The tail corrects the see-saw motion or pitching of a flying-machine in flight. The further back that it is placed the greater will be the steadying effect. If placed too far back, however, a " dead centre " will be reached. If there is no tail the pilot must manipulate the horizontal rudder to check the see-saw motion. The Wrights have taken out a patent for a mechanical device, which maintains fore-and-aft stability automatically. In this device the human brain is supplanted by the pressure of the air on a plane. Compressed air is substituted for muscular action. Lateral stability is automatically maintained by means of a pendu-lum. The plane and pendulum open valves which admit compressed air to an engine operating the horizontal or elevation rudder and warping mechanism.
To relieve the pilot of the physical strain of more or less constantly warping planes or manipulating ailerons, it was suggested long before the day of the Wrights that the flying-machine be provided with some automatic device which would prevent any capsizing tendency. The more important of such appliances are moving weights, pendulums, and gyrostats. A gyrostat is any rapidly rotating body, which, by virtue of its rotation, resists any force tending to move it from its plane of rotation. The greater the weight and the higher the speed of the gyrostat the greater must be the force expended to shift it from its plane of rotation. Hence if a gyrostat could be mounted on an aeroplane it certainly would tend to resist any unbalancing force, such as a gust of wind. Paul Regnard in France is said to have conducted very successful experiments with gyrostatically controlled aeroplanes. Roberts in England has also made more or less encouraging tests. In his machine the gyrostat is applied as shown in Fig. 37.
The pilots of present machines object to any device that will relieve them entirely of all hand control. They would much prefer an automatic device which is immediately thrown out of operation when the hand-devices are manipulated. It is argued that a machine must be humoured, that with an automatic device such as the gyrostat, it is impossible to accommodate the machine to variations in the wind.
Moreover, there is the objection that the machine must be elevated rapidly in starting, with a fairly large angle of incidence, but must afterwards assume a fairly flat angle for horizontal flight, with all of which a steadily running gyrostat would seriously interfere. Soaring down a steep angle with motors at full speed could hardly be accomplished with a gyrostat running at a fixed rate, for it is the gyrostat's tendency to resist movement. Besides, there is always the possibility that the motor which drives the gyrostat may stop, so that the aviator is helpless if no hand-controlled devices enable him to prevent rocking from side to side and pitching fore and aft.

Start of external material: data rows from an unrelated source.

Lemma separable_sat (phi : form) (f : nat -> U) :
  funs_on f -> separable (fun y => sat U (vals f y) phi).
Proof.
  intros Hf. set (n := var_bound phi).
  destruct (ax_sep (f_comp n n phi) 1 (fun_slots f) x) as [s [Hs1 Hs2]].
  exists s; split; auto. intro y. rewrite Hs2.
  split; intros [Hy H]; split; auto; revert H;
    rewrite (sat_f_comp_vals n n phi f y) by
      (auto; intros; rewrite ?upd_eq, upd_neq, fun_slots_spec by lia; reflexivity);
    apply sat_agree; intros k Hk;
    destruct (Nat.ltb_spec k n), (Nat.eqb_spec k n); simpl; reflexivity || lia.
Qed.

Lemma separable_sat_upd phi f n g : funs_on f -> fun_on U g x ->
  separable (fun y => sat U (upd (vals f y) n (fval g y)) phi).
Proof.
  intros Hf Hg. apply (separable_ext (fun y => sat U (vals (upd f n g) y) phi)).
  - intros y Hy. apply sat_ext. apply vals_upd.
  - apply separable_sat, funs_on_upd; auto.
Qed.

Lemma sat2_f_comp_vals q i f a b : funs_on f -> a ∈ x ->
  (sat2 U (f_comp (max (var_bound q) (S i)) i q) 1 (3 * i) (fun_slots f) a b <->
   sat U (upd (vals f a) i b) q).
Proof.
  intros Hf Ha. unfold sat2.
  rewrite (sat_f_comp_vals _ _ _ f a) by
    (auto; intros; rewrite ?upd_eq, !upd_neq, ?fun_slots_spec by lia; reflexivity).
  apply sat_agree. intros k Hk.
  destruct (Nat.ltb_spec k (max (var_bound q) (S i))), (Nat.eqb_spec k i); simpl; try lia.
  - subst. rewrite !upd_eq. reflexivity.
  - rewrite upd_neq by auto. reflexivity.
Qed.

Lemma los_witness (HC : Collection U) q i f : funs_on f ->
  inF (fun y => exists b, sat U (upd (vals f y) i b) q) ->
  exists g, fun_on U g x /\ inF (fun y => sat U (upd (vals f y) i (fval g y)) q).
Proof.
  intros Hf [D [HDF [HDA HD]]].
  destruct (collection_uniformization HC (f_comp (max (var_bound q) (S i)) i q) 1 (3 * i)
              (fun_slots f) D x) as [g [Hg Hgval]].
  { intros a Ha. apply HD in Ha. destruct Ha as [Hax [b Hb]].
    exists b. apply sat2_f_comp_vals; auto. }
  exists g. split; auto.
  apply (inF_mono (fun y => exists b, sat U (upd (vals f y) i b) q)).
  - exists D. auto.
  - intros y Hy Hex. apply sat2_f_comp_vals, Hgval; auto. apply HD. auto.
  - apply separable_sat_upd; auto.
Qed.

Lemma separable_fval_eq f g : fun_on U f x -> fun_on U g x ->
  separable (fun y => fval f y = fval g y).
Proof.
  intros Hf Hg.
  exact (separable_sat (FEq 0 1) (fun k => match k with 0 => f | _ => g end)
           (fun k => match k with 0 => Hf | _ => Hg end)).
Qed.

Lemma inF_fval_eq_trans f g h : fun_on U f x -> fun_on U h x ->
  inF (fun y => fval f y = fval g y) -> inF (fun y => fval g y = fval h y) ->
  inF (fun y => fval f y = fval h y).
Proof.
  intros Hf Hh H1 H2. apply (inF_mono _ _ (inF_inter _ _ H1 H2)).
  - intros y _ [-> ->]. reflexivity.
  - apply separable_fval_eq; auto.
Qed.
Definition noCB (w : word) : bool :=
  all (fun i => ~~ ((nth lA w i == lC) && (nth lA w i.+1 == lB)))
      (iota 0 (size w).-1).

Definition posA (w : word) : seq nat :=
  [seq i <- iota 0 (size w) | nth lA w i == lA].

(* the j-th (0-based) segment of w from the left: the factor starting at the
   (j+1)-th letter A and ending immediately before the next A, or at the end *)
Definition segment (w : word) (j : nat) : word :=
  let s := nth 0 (posA w) j in
  let e := nth (size w) (posA w) j.+1 in
  take (e - s) (drop s w).

Definition CAB_at (w : word) (p : nat) : bool :=
  [&& 0 < p, p.+1 < size w, nth lA w p.-1 == lC & nth lA w p.+1 == lB].

(* (iv): for all i (here j = i - 1, 0-based), if the i-th A from the right in w
   is preceded by C and followed by B, then the i-th segment of z from the left
   contains a B. *)
Definition cond_iv (w z : word) : bool :=
  all (fun j => CAB_at w (nth 0 (rev (posA w)) j) ==> (lB \in segment z j))
      (iota 0 (countA w)).

Definition good (w z : word) : bool :=
  [&& starts_with_A w, starts_with_A z, countA w == countA z,
      noCB w, noCB z & cond_iv w z].

Definition h (n : nat) : nat :=
  if n < 2 then 0
  else \sum_(k < n.+1)
         #|[pred p : (k.-tuple letter * (n - k).-tuple letter)%type
             | good (tval p.1) (tval p.2)]|.

(* Coefficients of the denominator Q(x) and numerator P(x) = x^2 (1 - 2x). *)
Definition Qcoef (k : nat) : int :=
  nth 0%R [:: 1; -8; 22; -26; 14; -5; 1]%R k.
Definition Pcoef (n : nat) : int :=
  nth 0%R [:: 0; 0; 1; -2]%R n.

(* Read w from right to left and z from left to right in step, so that the
   i-th A of w from the right and the i-th segment of z from the left are
   consumed together; then all of (i)-(iv) become local conditions.  Removing
   the last segment of w and the first segment of z from a good pair leaves a
   good pair, so good pairs are exactly the pairs accepted by a finite
   automaton reading one letter at a time, alternately from rev w and from z.
   Its seven reachable states give a first-order linear system for the numbers
   of accepted pairs of each total length; eliminating six of them yields the
   order-six recurrence with characteristic polynomial the denominator, and the
   initial values h_2, ..., h_6 give the numerator. *)

From mathcomp Require Import all_boot all_algebra zify.
Import GRing.Theory.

The pendulum, as we have seen, has been suggested by the Wrights as well as by other inventors to relieve the aviator of his present duties. The underlying idea is that a freely suspended weight will always tend to hang down, and that it would be an easy matter to connect with it elevation rudders and ailerons, in such a manner that pitching fore and aft, or rocking from side to side could be controlled by the effort of the pendulum to assume a perfectly normal position relatively to the earth. The pendulum, however, will hardly be likely to attain the desired end. It cannot control a flying-machine automatically, as Professor Prandtl has pointed out. The very force which causes an aeroplane to change its horizontal position in flight also retards it, accelerates it, or inclines it from side to side. Consequently a pendulum, which has the momentum of the entire machine, will follow the direction of the aeroplane's inclination and, so far from hanging down, will deviate from the vertical. The result will be, curiously enough, that it will always maintain its position relatively to the planes, whatever their inclination fore-and-aft and side-to-side may be. Hence the pendulum is inoperative. Furthermore, when an aeroplane is rounding a curve at the rate of from forty to sixty miles an hour, centrifugal force would completely nullify the action of the pendulum.
If a gyrostat is to be used, it is likely that it will be combined with some system of hand control, so that the aviator can depend upon the one or the other, as circumstances may dictate.
But how this combination would really improve the situation it is difficult to see. Automatic control is necessarily complicated. Hand control is admittedly dependent upon a cool head and an expert hand. Moreover, an automatic device must be made as small and as light as possible, for the aeroplane as it now stands is a machine in which the weight of every part has been reduced to a minimum. Can control mechanism, dependent upon a gyrostat, be made sufficiently light to meet the requirements of present construction? The more one considers the question, the more likely are we to believe that the best automatic machine is a well-trained hand.
Any one who has seen a skilled man steering a small boat in a heavy sea must realise that there is no possibility of making any automatic device which would take his place, and that any attempt to make the steering automatic by such means as a gyrostat would mean the certain swamping of the boat in a sea through which it could be steered quite simply by hand. The aeroplane is very much in the position of this small boat.
The danger of hand control is to be found in the possibility of making a false move. Locomotive engineers, signal men, automobile chauffeurs, are all of them in a position where a false move means a bad accident. Yet for all that, the number of errors which are made is comparatively small. A ship is dependent upon the engines and skill of the men in the pilot house; yet it is but rarely that we hear of shipwrecks due to bad judgment in the wheel house. All things considered, it is very likely that aeroplanes will be hand controlled for years to come.